WORK INSTRUCTIONS
Lines from the one containing "From Stdlib Require" through the last line of the data below are to be returned exactly; leave out the rest.

INPUT DATA
(* At a positive, non-pinched, log-colored crossing the braiding $\tau\hat R$ factors as \[ \tau\hat R=\frac1N\,\mathcal Z_{\mathsf E}(\mathcal Z_{\mathsf N}\otimes\mathcal Z_{\mathsf S})\mathcal Z_{\mathsf W}, \] where \begin{align*} \mathcal Z_{\mathsf E}(\hat v_{n_1n_2})&=\Lambda(\zeta^0_{\mathsf E},\zeta^1_{\mathsf E}\mid n_1-n_2)^{-1}\hat v_{n_1n_2},\\ \mathcal Z_{\mathsf W}(\hat v_{n_1n_2})&=\omega^{-(N-1)(\zeta^0_{\mathsf W}+\zeta^1_{\mathsf W})}\,\omega^{n_2-n_1}\,\Lambda(\zeta^0_{\mathsf W},\zeta^1_{\mathsf W}\mid n_2-n_1-1)^{-1}\hat v_{n_1n_2},\\ \mathcal Z_{\mathsf N}(\hat v_n)&=\sum_{n'=0}^{N-1}\Lambda(\zeta^0_{\mathsf N},\zeta^1_{\mathsf N}\mid n'-n)\hat v_{n'},\qquad \mathcal Z_{\mathsf S}(\hat v_n)=\sum_{n'=0}^{N-1}\Lambda(\zeta^0_{\mathsf S},\zeta^1_{\mathsf S}\mid n-n')\hat v_{n'}. \end{align*} At a negative, non-pinched, log-colored crossing the braiding $\bar R\tau$ factors as \[ \bar R\tau=\frac1N\,\bar{\mathcal Z}_{\mathsf E}(\bar{\mathcal Z}_{\mathsf S}\otimes\bar{\mathcal Z}_{\mathsf N})\bar{\mathcal Z}_{\mathsf W}, \] where \begin{align*} \bar{\mathcal Z}_{\mathsf E}(\hat v_{n_1n_2})&=\omega^{(N-1)(\zeta^0_{\mathsf E}+\zeta^1_{\mathsf E})}\Lambda(\zeta^0_{\mathsf E},\zeta^1_{\mathsf E}\mid n_1-n_2-1)\hat v_{n_1n_2},\\ \bar{\mathcal Z}_{\mathsf W}(\hat v_{n_1n_2})&=\omega^{n_2-n_1}\Lambda(\zeta^0_{\mathsf W},\zeta^1_{\mathsf W}\mid n_2-n_1)\hat v_{n_1n_2},\\ \bar{\mathcal Z}_{\mathsf N}(\hat v_n)&=\omega^{-(N-1)(\zeta^0_{\mathsf N}+\zeta^1_{\mathsf N})}\sum_{n'}\Lambda(\zeta^0_{\mathsf N},\zeta^1_{\mathsf N}\mid n-n'-1)^{-1}\hat v_{n'},\\ \bar{\mathcal Z}_{\mathsf S}(\hat v_n)&=\omega^{-(N-1)(\zeta^0_{\mathsf S}+\zeta^1_{\mathsf S})}\sum_{n'}\Lambda(\zeta^0_{\mathsf S},\zeta^1_{\mathsf S}\mid n'-n-1)^{-1}\hat v_{n'}. \end{align*}
   Context: $N\ge2$, $\omega=e^{2\pi i/N}$, $\omega^x=e^{2\pi ix/N}$. $V(\alpha,\beta,\mu)=\mathbb C^N$ with basis $\hat v_n$ ($n\in\mathbb Z/N$); $\hat v_{n_1n_2}=\hat v_{n_1}\otimes\hat v_{n_2}$; sums over indices run over $\mathbb Z/N$. Log-colored crossing of sign $\epsilon\in\{\pm1\}$: incoming segments $1,2$, outgoing $1',2'$ (1 continues as $1'$, 2 as $2'$), regions $\mathsf N,\mathsf W,\mathsf S,\mathsf E$ with incoming side reading ($\mathsf N$, 1, $\mathsf W$, 2, $\mathsf S$) and outgoing side ($\mathsf N$, $2'$, $\mathsf E$, $1'$, $\mathsf S$); complex numbers $\beta_s$ ($s\in\{1,2,1',2'\}$), $\gamma_{\mathsf N},\gamma_{\mathsf W},\gamma_{\mathsf S},\gamma_{\mathsf E}$, $\mu_1,\mu_2$. Put $\alpha_1=\gamma_{\mathsf W}-\gamma_{\mathsf N}$, $\alpha_2=\gamma_{\mathsf S}-\gamma_{\mathsf W}$, $\alpha_{2'}=\gamma_{\mathsf E}-\gamma_{\mathsf N}$, $\alpha_{1'}=\gamma_{\mathsf S}-\gamma_{\mathsf E}$, $a_s=e^{2\pi i\alpha_s}$, $b_s=e^{2\pi i\beta_s}$, $m_j=e^{2\pi i\mu_j}$. Required (all values nonzero, finite): if $\epsilon=+1$, $a_{1'}=a_1/A$, $a_{2'}=a_2A$, $A=1-\frac{m_1b_1}{b_2}(1-\frac{a_1}{m_1})(1-\frac1{m_2a_2})$, $b_{1'}=\frac{m_2b_2}{m_1}(1-m_2a_2(1-\frac{b_2}{m_1b_1}))^{-1}$, $b_{2'}=b_1(1-\frac{m_1}{a_1}(1-\frac{b_2}{m_1b_1}))$; if $\epsilon=-1$, $a_{1'}=a_1/\tilde A$, $a_{2'}=a_2\tilde A$, $\tilde A=1-\frac{b_2}{m_1b_1}(1-m_1a_1)(1-\frac{m_2}{a_2})$, $b_{1'}=\frac{m_2b_2}{m_1}(1-\frac{a_2}{m_2}(1-\frac{m_1b_1}{b_2}))$, $b_{2'}=b_1(1-\frac1{m_1a_1}(1-\frac{m_1b_1}{b_2}))^{-1}$. Segment $s$ carries $V(\alpha_s,\beta_s,\mu_s)$ with $\mu_{1'}=\mu_1,\mu_{2'}=\mu_2$. Define $\zeta^0_{\mathsf N}=\epsilon(\beta_{2'}-\beta_1)$, $\zeta^0_{\mathsf W}=\epsilon(\beta_2-\beta_1-\mu_1)$, $\zeta^0_{\mathsf S}=\epsilon(\beta_2-\beta_{1'}+\mu_2-\mu_1)$, $\zeta^0_{\mathsf E}=\epsilon(\beta_{2'}-\beta_{1'}+\mu_2)$; the crossing is pinched if some $\zeta^0_j\in\mathbb Z$. If not pinched, choose $\kappa$ with $e^{2\pi i\kappa}=e^{2\pi i\gamma_{\mathsf N}}/(1-(b_{2'}/b_1)^\epsilon)$ and set $\zeta^1_{\mathsf N}=\kappa-\gamma_{\mathsf N}$, $\zeta^1_{\mathsf W}=\kappa-\gamma_{\mathsf W}+\epsilon\mu_1$, $\zeta^1_{\mathsf S}=\kappa-\gamma_{\mathsf S}+\epsilon(\mu_1-\mu_2)$, $\zeta^1_{\mathsf E}=\kappa-\gamma_{\mathsf E}-\epsilon\mu_2$, so $e^{2\pi i\zeta^1_j}=1/(1-e^{2\pi i\zeta^0_j})$. Quantum dilogarithm: $\Phi_{\mathsf b}(z)=\exp\int_{\mathbb R+i0}\frac{e^{-2izw}}{4\sinh(w\mathsf b)\sinh(w/\mathsf b)}\frac{dw}{w}$ (meromorphically continued), $c=\frac i2(\sqrt N+1/\sqrt N)$, $\Lambda(\zeta)=\Phi_{\sqrt N}(i\zeta/\sqrt N-c+i/\sqrt N)$, and for $e^{2\pi i\zeta^1}=1/(1-e^{2\pi i\zeta^0})$, $n\in\mathbb Z$: $\Lambda(\zeta^0,\zeta^1\mid n)=\omega^{-\zeta^0\zeta^1/2}\omega^{-n\zeta^1}\Lambda(\zeta^0+n)$ (this is $N$-periodic in $n$). $R$-matrices: for $\epsilon=+1$, $\hat R_{n_1n_2}^{n_1'n_2'}=\frac{\omega^{-(N-1)(\zeta^0_{\mathsf W}+\zeta^1_{\mathsf W})}}N\omega^{n_2-n_1}\frac{\Lambda(\zeta^0_{\mathsf N},\zeta^1_{\mathsf N}\mid n_2'-n_1)\Lambda(\zeta^0_{\mathsf S},\zeta^1_{\mathsf S}\mid n_2-n_1')}{\Lambda(\zeta^0_{\mathsf W},\zeta^1_{\mathsf W}\mid n_2-n_1-1)\Lambda(\zeta^0_{\mathsf E},\zeta^1_{\mathsf E}\mid n_2'-n_1')}$; for $\epsilon=-1$, $\bar R_{n_1n_2}^{n_1'n_2'}=\frac{\omega^{(N-1)(\zeta^0_{\mathsf E}+\zeta^1_{\mathsf E}-\zeta^0_{\mathsf S}-\zeta^1_{\mathsf S}-\zeta^0_{\mathsf N}-\zeta^1_{\mathsf N})}}N\omega^{n_1-n_2}\frac{\Lambda(\zeta^0_{\mathsf W},\zeta^1_{\mathsf W}\mid n_1-n_2)\Lambda(\zeta^0_{\mathsf E},\zeta^1_{\mathsf E}\mid n_1'-n_2'-1)}{\Lambda(\zeta^0_{\mathsf N},\zeta^1_{\mathsf N}\mid n_1-n_2'-1)\Lambda(\zeta^0_{\mathsf S},\zeta^1_{\mathsf S}\mid n_1'-n_2-1)}$. With $M(\hat v_{n_1n_2})=\sum M_{n_1n_2}^{n_1'n_2'}\hat v_{n_1'n_2'}$ for $M=\hat R,\bar R$ and $\tau$ the flip of tensor factors, the braiding is $\tau\hat R$ for $\epsilon=+1$ (i.e. $\hat v_{n_1n_2}\mapsto\sum\hat R_{n_1n_2}^{n_1'n_2'}\hat v_{n_2'}\otimes\hat v_{n_1'}$) and $\bar R\tau$ for $\epsilon=-1$. *)

From Stdlib Require Import Reals ZArith Arith.
From Coquelicot Require Import Coquelicot.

YOUR SOLUTION
From Stdlib Require Import Reals ZArith Arith.
From Coquelicot Require Import Coquelicot.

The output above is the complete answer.